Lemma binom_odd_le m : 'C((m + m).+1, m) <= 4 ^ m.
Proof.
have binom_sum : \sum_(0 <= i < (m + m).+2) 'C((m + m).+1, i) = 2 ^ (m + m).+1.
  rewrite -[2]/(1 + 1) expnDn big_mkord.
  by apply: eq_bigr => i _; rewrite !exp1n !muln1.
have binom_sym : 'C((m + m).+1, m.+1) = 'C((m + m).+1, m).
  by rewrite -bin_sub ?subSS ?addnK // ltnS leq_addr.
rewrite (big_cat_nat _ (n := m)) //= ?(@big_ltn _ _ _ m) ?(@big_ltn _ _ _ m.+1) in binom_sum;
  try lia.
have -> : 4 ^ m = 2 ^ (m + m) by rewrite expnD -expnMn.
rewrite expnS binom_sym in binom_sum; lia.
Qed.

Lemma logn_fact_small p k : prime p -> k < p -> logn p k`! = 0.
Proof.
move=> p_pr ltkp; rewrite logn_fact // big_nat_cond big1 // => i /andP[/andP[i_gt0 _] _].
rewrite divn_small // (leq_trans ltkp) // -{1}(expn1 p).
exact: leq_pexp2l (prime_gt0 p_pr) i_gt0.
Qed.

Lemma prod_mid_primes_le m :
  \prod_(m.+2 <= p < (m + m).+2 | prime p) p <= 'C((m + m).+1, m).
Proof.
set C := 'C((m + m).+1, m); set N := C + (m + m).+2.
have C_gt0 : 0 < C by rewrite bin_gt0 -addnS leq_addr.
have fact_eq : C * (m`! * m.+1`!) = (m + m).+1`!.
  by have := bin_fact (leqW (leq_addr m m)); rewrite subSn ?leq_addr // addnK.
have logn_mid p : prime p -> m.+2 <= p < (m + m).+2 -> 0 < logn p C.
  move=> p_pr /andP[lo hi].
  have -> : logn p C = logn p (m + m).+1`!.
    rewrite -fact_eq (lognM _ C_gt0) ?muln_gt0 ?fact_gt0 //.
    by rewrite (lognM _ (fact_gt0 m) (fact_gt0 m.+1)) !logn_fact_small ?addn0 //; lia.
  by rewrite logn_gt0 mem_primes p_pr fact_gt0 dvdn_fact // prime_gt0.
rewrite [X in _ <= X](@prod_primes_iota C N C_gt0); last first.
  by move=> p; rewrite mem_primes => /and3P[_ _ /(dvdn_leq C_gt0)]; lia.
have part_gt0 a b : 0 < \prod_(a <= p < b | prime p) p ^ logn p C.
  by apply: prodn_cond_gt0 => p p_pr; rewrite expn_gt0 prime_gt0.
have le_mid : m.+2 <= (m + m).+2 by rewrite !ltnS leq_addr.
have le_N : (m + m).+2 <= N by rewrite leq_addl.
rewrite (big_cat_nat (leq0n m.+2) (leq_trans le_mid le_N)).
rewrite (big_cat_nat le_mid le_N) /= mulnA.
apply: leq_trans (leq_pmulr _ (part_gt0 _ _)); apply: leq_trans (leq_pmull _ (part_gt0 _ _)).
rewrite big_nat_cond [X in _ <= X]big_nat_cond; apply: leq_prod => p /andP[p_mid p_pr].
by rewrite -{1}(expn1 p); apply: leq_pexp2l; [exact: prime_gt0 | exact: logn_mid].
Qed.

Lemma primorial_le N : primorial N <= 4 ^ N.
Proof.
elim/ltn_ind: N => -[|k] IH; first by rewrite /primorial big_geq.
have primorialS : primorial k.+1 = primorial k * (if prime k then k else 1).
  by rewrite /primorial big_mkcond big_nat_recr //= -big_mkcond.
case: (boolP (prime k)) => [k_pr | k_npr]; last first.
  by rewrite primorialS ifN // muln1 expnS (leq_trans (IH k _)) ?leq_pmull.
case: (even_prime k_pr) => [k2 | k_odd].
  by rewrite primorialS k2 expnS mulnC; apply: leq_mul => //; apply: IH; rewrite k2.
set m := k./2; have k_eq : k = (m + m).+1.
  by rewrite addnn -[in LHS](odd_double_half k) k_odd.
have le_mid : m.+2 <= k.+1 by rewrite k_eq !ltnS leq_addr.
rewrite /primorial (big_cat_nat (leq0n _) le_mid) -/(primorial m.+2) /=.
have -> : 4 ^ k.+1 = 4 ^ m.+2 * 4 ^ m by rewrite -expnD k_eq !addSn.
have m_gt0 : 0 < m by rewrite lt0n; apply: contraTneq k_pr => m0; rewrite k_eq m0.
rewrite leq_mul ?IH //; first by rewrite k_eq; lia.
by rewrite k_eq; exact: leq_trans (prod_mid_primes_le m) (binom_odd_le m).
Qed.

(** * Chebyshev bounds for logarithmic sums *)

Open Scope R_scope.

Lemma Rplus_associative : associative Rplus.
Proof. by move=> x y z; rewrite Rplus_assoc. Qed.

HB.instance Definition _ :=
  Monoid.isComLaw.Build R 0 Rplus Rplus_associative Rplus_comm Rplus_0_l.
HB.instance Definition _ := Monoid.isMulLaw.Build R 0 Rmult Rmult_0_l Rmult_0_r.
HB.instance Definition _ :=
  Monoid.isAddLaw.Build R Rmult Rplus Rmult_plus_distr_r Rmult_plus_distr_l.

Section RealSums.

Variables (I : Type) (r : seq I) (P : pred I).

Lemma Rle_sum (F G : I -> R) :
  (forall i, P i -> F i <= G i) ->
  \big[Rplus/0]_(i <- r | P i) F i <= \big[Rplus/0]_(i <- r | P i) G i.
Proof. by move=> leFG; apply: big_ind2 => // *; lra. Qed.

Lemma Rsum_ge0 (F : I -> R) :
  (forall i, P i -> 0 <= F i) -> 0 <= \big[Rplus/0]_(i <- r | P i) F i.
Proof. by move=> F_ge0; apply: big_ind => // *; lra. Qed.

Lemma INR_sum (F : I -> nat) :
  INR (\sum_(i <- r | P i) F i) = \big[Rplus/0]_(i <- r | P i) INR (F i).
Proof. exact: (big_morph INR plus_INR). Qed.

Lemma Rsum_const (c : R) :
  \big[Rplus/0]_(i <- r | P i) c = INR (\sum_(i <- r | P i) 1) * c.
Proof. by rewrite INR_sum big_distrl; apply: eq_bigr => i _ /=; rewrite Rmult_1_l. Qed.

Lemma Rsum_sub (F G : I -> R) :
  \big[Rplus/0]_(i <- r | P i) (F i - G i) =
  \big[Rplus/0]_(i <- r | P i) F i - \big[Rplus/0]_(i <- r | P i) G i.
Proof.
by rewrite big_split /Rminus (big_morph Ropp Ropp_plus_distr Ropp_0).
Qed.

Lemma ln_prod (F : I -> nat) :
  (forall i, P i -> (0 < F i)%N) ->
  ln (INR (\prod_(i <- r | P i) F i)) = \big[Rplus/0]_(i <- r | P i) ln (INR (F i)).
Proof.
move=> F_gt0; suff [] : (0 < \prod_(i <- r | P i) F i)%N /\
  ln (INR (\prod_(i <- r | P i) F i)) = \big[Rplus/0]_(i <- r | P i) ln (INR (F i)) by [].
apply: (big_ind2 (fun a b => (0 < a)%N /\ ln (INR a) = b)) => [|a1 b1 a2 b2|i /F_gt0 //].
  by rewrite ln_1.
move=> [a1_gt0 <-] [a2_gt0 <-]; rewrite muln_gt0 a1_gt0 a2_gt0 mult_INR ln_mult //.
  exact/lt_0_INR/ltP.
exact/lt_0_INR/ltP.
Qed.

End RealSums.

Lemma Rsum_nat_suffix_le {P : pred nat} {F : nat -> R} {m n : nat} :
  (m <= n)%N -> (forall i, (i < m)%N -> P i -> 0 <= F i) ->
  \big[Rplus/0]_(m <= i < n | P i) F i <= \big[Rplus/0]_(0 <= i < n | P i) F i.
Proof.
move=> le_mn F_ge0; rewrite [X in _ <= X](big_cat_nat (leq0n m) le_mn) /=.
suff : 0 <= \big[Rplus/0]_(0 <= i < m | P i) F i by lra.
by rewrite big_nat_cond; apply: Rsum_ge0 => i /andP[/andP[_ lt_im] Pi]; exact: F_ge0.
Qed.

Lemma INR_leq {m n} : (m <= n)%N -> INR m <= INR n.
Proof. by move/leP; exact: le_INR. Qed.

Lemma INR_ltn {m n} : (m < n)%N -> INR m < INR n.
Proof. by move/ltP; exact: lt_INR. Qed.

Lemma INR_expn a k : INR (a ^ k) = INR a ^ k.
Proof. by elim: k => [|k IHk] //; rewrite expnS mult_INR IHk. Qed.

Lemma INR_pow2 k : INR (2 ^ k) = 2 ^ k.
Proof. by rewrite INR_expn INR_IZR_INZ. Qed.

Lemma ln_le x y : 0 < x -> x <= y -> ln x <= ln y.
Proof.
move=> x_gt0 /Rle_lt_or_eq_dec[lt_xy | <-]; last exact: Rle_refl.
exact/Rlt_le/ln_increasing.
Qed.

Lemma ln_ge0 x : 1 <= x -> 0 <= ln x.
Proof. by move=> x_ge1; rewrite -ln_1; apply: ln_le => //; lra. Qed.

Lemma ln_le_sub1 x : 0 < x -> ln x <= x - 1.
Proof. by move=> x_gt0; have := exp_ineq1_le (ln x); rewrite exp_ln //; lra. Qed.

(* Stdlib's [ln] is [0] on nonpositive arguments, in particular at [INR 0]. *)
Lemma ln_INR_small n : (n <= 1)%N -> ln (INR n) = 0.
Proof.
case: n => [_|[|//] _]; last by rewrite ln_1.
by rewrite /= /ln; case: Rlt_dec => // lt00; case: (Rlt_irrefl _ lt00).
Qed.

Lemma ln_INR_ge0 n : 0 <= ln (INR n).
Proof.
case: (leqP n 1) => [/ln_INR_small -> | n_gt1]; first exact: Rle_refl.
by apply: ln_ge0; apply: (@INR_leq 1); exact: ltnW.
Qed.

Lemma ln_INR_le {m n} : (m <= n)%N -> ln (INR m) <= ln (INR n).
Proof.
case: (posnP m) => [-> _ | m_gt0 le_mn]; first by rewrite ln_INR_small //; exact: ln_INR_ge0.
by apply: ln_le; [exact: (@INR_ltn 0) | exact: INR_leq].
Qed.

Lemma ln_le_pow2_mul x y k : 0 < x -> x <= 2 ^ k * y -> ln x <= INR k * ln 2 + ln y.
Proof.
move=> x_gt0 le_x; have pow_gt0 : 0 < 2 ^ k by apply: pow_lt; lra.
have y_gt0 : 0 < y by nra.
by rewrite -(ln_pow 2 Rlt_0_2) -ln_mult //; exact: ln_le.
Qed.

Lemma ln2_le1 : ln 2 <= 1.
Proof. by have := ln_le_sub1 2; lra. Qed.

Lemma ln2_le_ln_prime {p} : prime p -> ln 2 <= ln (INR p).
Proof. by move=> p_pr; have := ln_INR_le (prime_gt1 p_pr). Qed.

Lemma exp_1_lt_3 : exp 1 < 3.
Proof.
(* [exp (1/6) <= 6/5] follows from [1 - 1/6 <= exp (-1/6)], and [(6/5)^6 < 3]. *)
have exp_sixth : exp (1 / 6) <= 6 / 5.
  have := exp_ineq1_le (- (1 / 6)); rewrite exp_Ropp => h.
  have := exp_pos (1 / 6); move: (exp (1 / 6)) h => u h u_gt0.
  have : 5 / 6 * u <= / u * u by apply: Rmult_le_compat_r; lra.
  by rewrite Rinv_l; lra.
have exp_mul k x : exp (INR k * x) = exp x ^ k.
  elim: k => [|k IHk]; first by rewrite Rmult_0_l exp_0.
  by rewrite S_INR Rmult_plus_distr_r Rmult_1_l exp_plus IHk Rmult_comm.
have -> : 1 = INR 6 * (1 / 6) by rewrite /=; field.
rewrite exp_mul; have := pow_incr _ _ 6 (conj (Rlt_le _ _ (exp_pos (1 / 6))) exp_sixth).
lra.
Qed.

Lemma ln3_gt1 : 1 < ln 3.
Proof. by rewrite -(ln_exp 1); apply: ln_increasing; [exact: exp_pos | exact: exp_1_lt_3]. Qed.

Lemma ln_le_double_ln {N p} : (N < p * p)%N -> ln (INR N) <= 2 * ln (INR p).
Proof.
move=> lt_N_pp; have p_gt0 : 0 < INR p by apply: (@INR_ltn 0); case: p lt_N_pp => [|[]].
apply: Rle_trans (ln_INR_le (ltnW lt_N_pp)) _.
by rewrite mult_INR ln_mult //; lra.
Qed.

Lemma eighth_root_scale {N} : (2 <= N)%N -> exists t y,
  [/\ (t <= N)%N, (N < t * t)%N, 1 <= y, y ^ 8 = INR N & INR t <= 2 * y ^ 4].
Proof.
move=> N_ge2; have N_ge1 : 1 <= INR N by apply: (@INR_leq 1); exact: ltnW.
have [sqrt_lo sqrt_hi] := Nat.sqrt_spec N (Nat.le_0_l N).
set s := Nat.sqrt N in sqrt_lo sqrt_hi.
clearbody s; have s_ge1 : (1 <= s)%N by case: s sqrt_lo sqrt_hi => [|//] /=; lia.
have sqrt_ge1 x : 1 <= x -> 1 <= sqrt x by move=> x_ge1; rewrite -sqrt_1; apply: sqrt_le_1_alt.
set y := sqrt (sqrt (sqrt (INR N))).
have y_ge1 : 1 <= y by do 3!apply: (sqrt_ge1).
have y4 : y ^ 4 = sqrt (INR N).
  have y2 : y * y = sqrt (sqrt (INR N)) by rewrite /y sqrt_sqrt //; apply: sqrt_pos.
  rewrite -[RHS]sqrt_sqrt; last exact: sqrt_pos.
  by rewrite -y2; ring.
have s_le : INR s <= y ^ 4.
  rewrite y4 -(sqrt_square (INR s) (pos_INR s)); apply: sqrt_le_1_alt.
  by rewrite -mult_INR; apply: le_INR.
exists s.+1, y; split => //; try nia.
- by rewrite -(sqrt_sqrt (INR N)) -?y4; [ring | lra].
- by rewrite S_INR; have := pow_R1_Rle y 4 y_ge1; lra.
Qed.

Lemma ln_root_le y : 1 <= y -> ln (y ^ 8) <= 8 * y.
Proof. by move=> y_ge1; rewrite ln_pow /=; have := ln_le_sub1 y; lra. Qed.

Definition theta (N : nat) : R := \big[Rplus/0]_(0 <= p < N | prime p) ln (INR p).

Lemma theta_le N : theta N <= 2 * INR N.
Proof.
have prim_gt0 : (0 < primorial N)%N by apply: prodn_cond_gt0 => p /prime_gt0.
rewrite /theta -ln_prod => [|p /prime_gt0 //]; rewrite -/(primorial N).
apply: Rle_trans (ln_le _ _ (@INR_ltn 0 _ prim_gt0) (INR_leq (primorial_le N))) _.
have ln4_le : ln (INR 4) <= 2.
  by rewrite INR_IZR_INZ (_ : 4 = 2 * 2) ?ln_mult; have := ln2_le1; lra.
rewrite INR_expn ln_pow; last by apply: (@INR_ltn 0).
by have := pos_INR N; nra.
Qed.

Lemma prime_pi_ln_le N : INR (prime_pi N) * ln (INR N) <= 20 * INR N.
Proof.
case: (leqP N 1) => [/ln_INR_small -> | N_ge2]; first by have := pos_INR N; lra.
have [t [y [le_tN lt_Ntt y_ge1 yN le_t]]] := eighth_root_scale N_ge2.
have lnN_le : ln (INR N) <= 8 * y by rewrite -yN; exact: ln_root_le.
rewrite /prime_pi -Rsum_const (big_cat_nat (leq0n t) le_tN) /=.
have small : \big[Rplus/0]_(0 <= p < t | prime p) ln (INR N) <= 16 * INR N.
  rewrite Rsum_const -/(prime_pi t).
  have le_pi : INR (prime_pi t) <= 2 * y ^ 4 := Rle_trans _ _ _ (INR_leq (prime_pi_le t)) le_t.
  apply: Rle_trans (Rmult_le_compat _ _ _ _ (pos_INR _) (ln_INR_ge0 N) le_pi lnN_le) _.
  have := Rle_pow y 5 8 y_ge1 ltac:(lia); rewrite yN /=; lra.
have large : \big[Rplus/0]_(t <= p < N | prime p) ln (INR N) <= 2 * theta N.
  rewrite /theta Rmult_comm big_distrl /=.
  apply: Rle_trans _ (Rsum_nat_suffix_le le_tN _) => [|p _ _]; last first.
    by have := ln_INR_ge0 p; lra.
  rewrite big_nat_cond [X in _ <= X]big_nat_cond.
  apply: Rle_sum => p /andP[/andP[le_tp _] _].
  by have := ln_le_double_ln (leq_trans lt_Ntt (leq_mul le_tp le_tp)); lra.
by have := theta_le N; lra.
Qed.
____
EXERCISE:
Using the records above, restate word for word the lines from the one with "case: (leqP N 1) => [/ln_INR_small -> | N_ge2];" through the one with "have le_pi : INR", both included.

EXERCISE OUTPUT:
case: (leqP N 1) => [/ln_INR_small -> | N_ge2]; first by have := pos_INR N; lra.
have [t [y [le_tN lt_Ntt y_ge1 yN le_t]]] := eighth_root_scale N_ge2.
have lnN_le : ln (INR N) <= 8 * y by rewrite -yN; exact: ln_root_le.
rewrite /prime_pi -Rsum_const (big_cat_nat (leq0n t) le_tN) /=.
have small : \big[Rplus/0]_(0 <= p < t | prime p) ln (INR N) <= 16 * INR N.
  rewrite Rsum_const -/(prime_pi t).
  have le_pi : INR (prime_pi t) <= 2 * y ^ 4 := Rle_trans _ _ _ (INR_leq (prime_pi_le t)) le_t.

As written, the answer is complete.